Und bringe Paula vorsichtshalber am Freitag nicht in die Krabbelgruppe. Du fühlst dich besser, wenn sie bei dir ist. Falls die Fragen der Polizisten dich nervös machen, du eine kleine Pause brauchst, um über eine Antwort nachzudenken, gießt du ihnen Kaffee nach, bewirtest sie oder du beschäftigst dich mit dem Kind. Du kannst Paula ein Spielzeug holen, einen Schnuller oder das Fläschchen. Sobald Paula die Initiative übernimmt, lass sie. Sie wird die Beamten von dir ablenken. Was Besseres, als dass sie ihnen auf den Schoß krabbelt, kann dir nicht passieren.‹
Simone atmete tief durch, betete in Gedanken noch einmal die Verhaltensregeln durch, die sie mit Richard besprochen hatte, und eilte in die Küche.

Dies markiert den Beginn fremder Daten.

Lemma sumR_ext n f g : (forall i, (i < n)%nat -> f i = g i) -> sumR n f = sumR n g.
Proof.
  induction n as [|n IH]; intros H; simpl; [reflexivity|].
  rewrite IH, (H n) by (intros; try apply H; lia); reflexivity.
Qed.

Lemma sumR_add n f g : sumR n (fun i => f i + g i) = sumR n f + sumR n g.
Proof. induction n; simpl; [lra|]. rewrite IHn; lra. Qed.

Lemma sumR_sub n f g : sumR n (fun i => f i - g i) = sumR n f - sumR n g.
Proof. induction n; simpl; [lra|]. rewrite IHn; lra. Qed.

Lemma sumR_scal n c f : sumR n (fun i => c * f i) = c * sumR n f.
Proof. induction n; simpl; [lra|]. rewrite IHn; lra. Qed.

Lemma sumR_opp n f : sumR n (fun i => - f i) = - sumR n f.
Proof. induction n; simpl; [lra|]. rewrite IHn; lra. Qed.

Lemma sumR_const n c : sumR n (fun _ => c) = INR n * c.
Proof. induction n; simpl sumR; [simpl; lra|]. rewrite IHn, S_INR; lra. Qed.

Lemma sumR_const_sub n c f : sumR n (fun i => c - f i) = INR n * c - sumR n f.
Proof. rewrite sumR_sub, sumR_const; reflexivity. Qed.

Lemma sumR_zero n : sumR n (fun _ => 0) = 0.
Proof. rewrite sumR_const; lra. Qed.

Lemma sumR_eq0 n f : (forall i, (i < n)%nat -> f i = 0) -> sumR n f = 0.
Proof. intros H. rewrite (sumR_ext n f (fun _ => 0)) by exact H. apply sumR_zero. Qed.

Lemma sumR_if n (b : bool) f : sumR n (fun i => if b then f i else 0) = if b then sumR n f else 0.
Proof. destruct b; [reflexivity|apply sumR_zero]. Qed.

Lemma sumR_swap n m (F : nat -> nat -> R) :
  sumR n (fun i => sumR m (fun j => F i j)) = sumR m (fun j => sumR n (fun i => F i j)).
Proof.
  induction n; simpl.
  - symmetry; apply sumR_zero.
  - rewrite IHn, <- sumR_add; reflexivity.
Qed.

Lemma sumR_mul n m f g :
  sumR n f * sumR m g = sumR n (fun i => sumR m (fun j => f i * g j)).
Proof.
  induction n as [|n IH]; simpl; [ring|].
  rewrite <- IH, (sumR_scal m (f n) g). ring.
Qed.

Lemma sumR_kronecker n j f : (j < n)%nat ->
  sumR n (fun k => if Nat.eqb k j then f k else 0) = f j.
Proof.
  induction n; intros Hj; [lia|]. simpl. nat_cases.
  - rewrite sumR_eq0; [lra|]. intros i Hi. nat_cases; reflexivity.
  - rewrite IHn by lia; lra.
Qed.

Lemma sumR_off_diag n j f : (j < n)%nat ->
  sumR n (fun k => if Nat.eqb k j then 0 else f k) = sumR n f - f j.
Proof.
  intros Hj. rewrite <- (sumR_kronecker n j f Hj), <- sumR_sub.
  apply sumR_ext; intros i _; nat_cases; lra.
Qed.

Lemma sumR_symmetrize n (F : nat -> nat -> R) :
  2 * sumR n (fun j => sumR n (fun k => F j k)) =
  sumR n (fun j => sumR n (fun k => F j k + F k j)).
Proof.
  transitivity (sumR n (fun j => sumR n (fun k => F j k)) +
                sumR n (fun j => sumR n (fun k => F k j))).
  - rewrite (sumR_swap n n (fun k j => F j k)); ring.
  - rewrite <- sumR_add. apply sumR_ext; intros; rewrite sumR_add; reflexivity.
Qed.

Lemma sumR_pairs_sym n (f : nat -> nat -> R) : (forall j k, f j k = f k j) ->
  2 * sumR n (fun j => sumR n (fun k => if Nat.ltb j k then f j k else 0)) =
  sumR n (fun j => sumR n (fun k => if Nat.eqb k j then 0 else f j k)).
Proof.
  intros Hf. rewrite sumR_symmetrize. do 2 (apply sumR_ext; intros).
  rewrite (Hf i0 i). nat_cases; ring.
Qed.

Definition sumR3 n (F : nat -> nat -> nat -> R) :=
  sumR n (fun a => sumR n (fun b => sumR n (fun c => F a b c))).

Lemma sumR3_ext n F G :
  (forall a b c, (a < n)%nat -> (b < n)%nat -> (c < n)%nat -> F a b c = G a b c) ->
  sumR3 n F = sumR3 n G.
Proof. intros H. unfold sumR3. do 3 (apply sumR_ext; intros). auto. Qed.

Lemma sumR3_add n F G : sumR3 n (fun a b c => F a b c + G a b c) = sumR3 n F + sumR3 n G.
Proof.
  unfold sumR3. rewrite <- sumR_add.
  do 2 (apply sumR_ext; intros; rewrite <- sumR_add). reflexivity.
Qed.

Lemma sumR3_cycle n F : sumR3 n (fun a b c => F b c a) = sumR3 n F.
Proof.
  unfold sumR3. rewrite (sumR_swap n n (fun a b => sumR n (fun c => F b c a))).
  apply sumR_ext; intros b _. apply sumR_swap.
Qed.

Lemma prodR_ext n f g : (forall i, (i < n)%nat -> f i = g i) -> prodR n f = prodR n g.
Proof.
  induction n as [|n IH]; intros H; simpl; [reflexivity|].
  rewrite IH, (H n) by (intros; try apply H; lia); reflexivity.
Qed.

Lemma prodR_exp n f : prodR n (fun i => exp (f i)) = exp (sumR n f).
Proof. induction n; simpl; [rewrite exp_0; reflexivity|]. rewrite IHn, exp_plus; reflexivity. Qed.

(** * Hyperbolic identities *)

Definition coth z := cosh z / sinh z.

Lemma sinh_opp z : sinh (- z) = - sinh z.
Proof. unfold sinh. rewrite Ropp_involutive. field. Qed.

Lemma cosh_opp z : cosh (- z) = cosh z.
Proof. unfold cosh. rewrite Ropp_involutive. field. Qed.

Lemma coth_opp z : coth (- z) = - coth z.
Proof. unfold coth. rewrite sinh_opp, cosh_opp, Rdiv_opp_r. reflexivity. Qed.

Lemma tanh_opp z : tanh (- z) = - tanh z.
Proof. unfold tanh. rewrite sinh_opp, cosh_opp. unfold Rdiv; ring. Qed.

Lemma cosh_pos z : 0 < cosh z.
Proof. unfold cosh. pose proof (exp_pos z); pose proof (exp_pos (- z)); lra. Qed.

Lemma sinh_neq0 z : z <> 0 -> sinh z <> 0.
Proof.
  intros Hz E. unfold sinh in E. apply Hz.
  assert (exp z = exp (- z)) as Ez by lra. apply exp_inv in Ez. lra.
Qed.

Lemma cosh_sq_sub_sinh_sq z : cosh z ^ 2 - sinh z ^ 2 = 1.
Proof.
  assert (exp z * exp (- z) = 1) by (rewrite <- exp_plus, Rplus_opp_r, exp_0; reflexivity).
  unfold cosh, sinh. nra.
Qed.

Lemma inv_sinh2_coth z : z <> 0 -> / sinh z ^ 2 = coth z ^ 2 - 1.
Proof.
  intros Hz. pose proof (sinh_neq0 z Hz); pose proof (cosh_sq_sub_sinh_sq z).
  unfold coth. field_simplify_eq; auto. lra.
Qed.

Section ExpForm.
Variables a b : R.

Sie hob Paula aus dem Kinderstuhl und ging, mit dem Mädchen auf dem Arm, zurück in die Diele.
*
Heide hatte in der vergangenen Nacht kaum geschlafen. Zwei schlaflose Nächte waren mehr, als ein Mädchen in mittleren Jahren – wie sie ja leider bereits eines war – verkraften konnte. Als sie Beates altmodisches, ungepflegtes Badezimmer betrat, entschied sie spontan, dass eine Katzenwäsche reichen musste, und verzichtete auf ihre Morgendusche.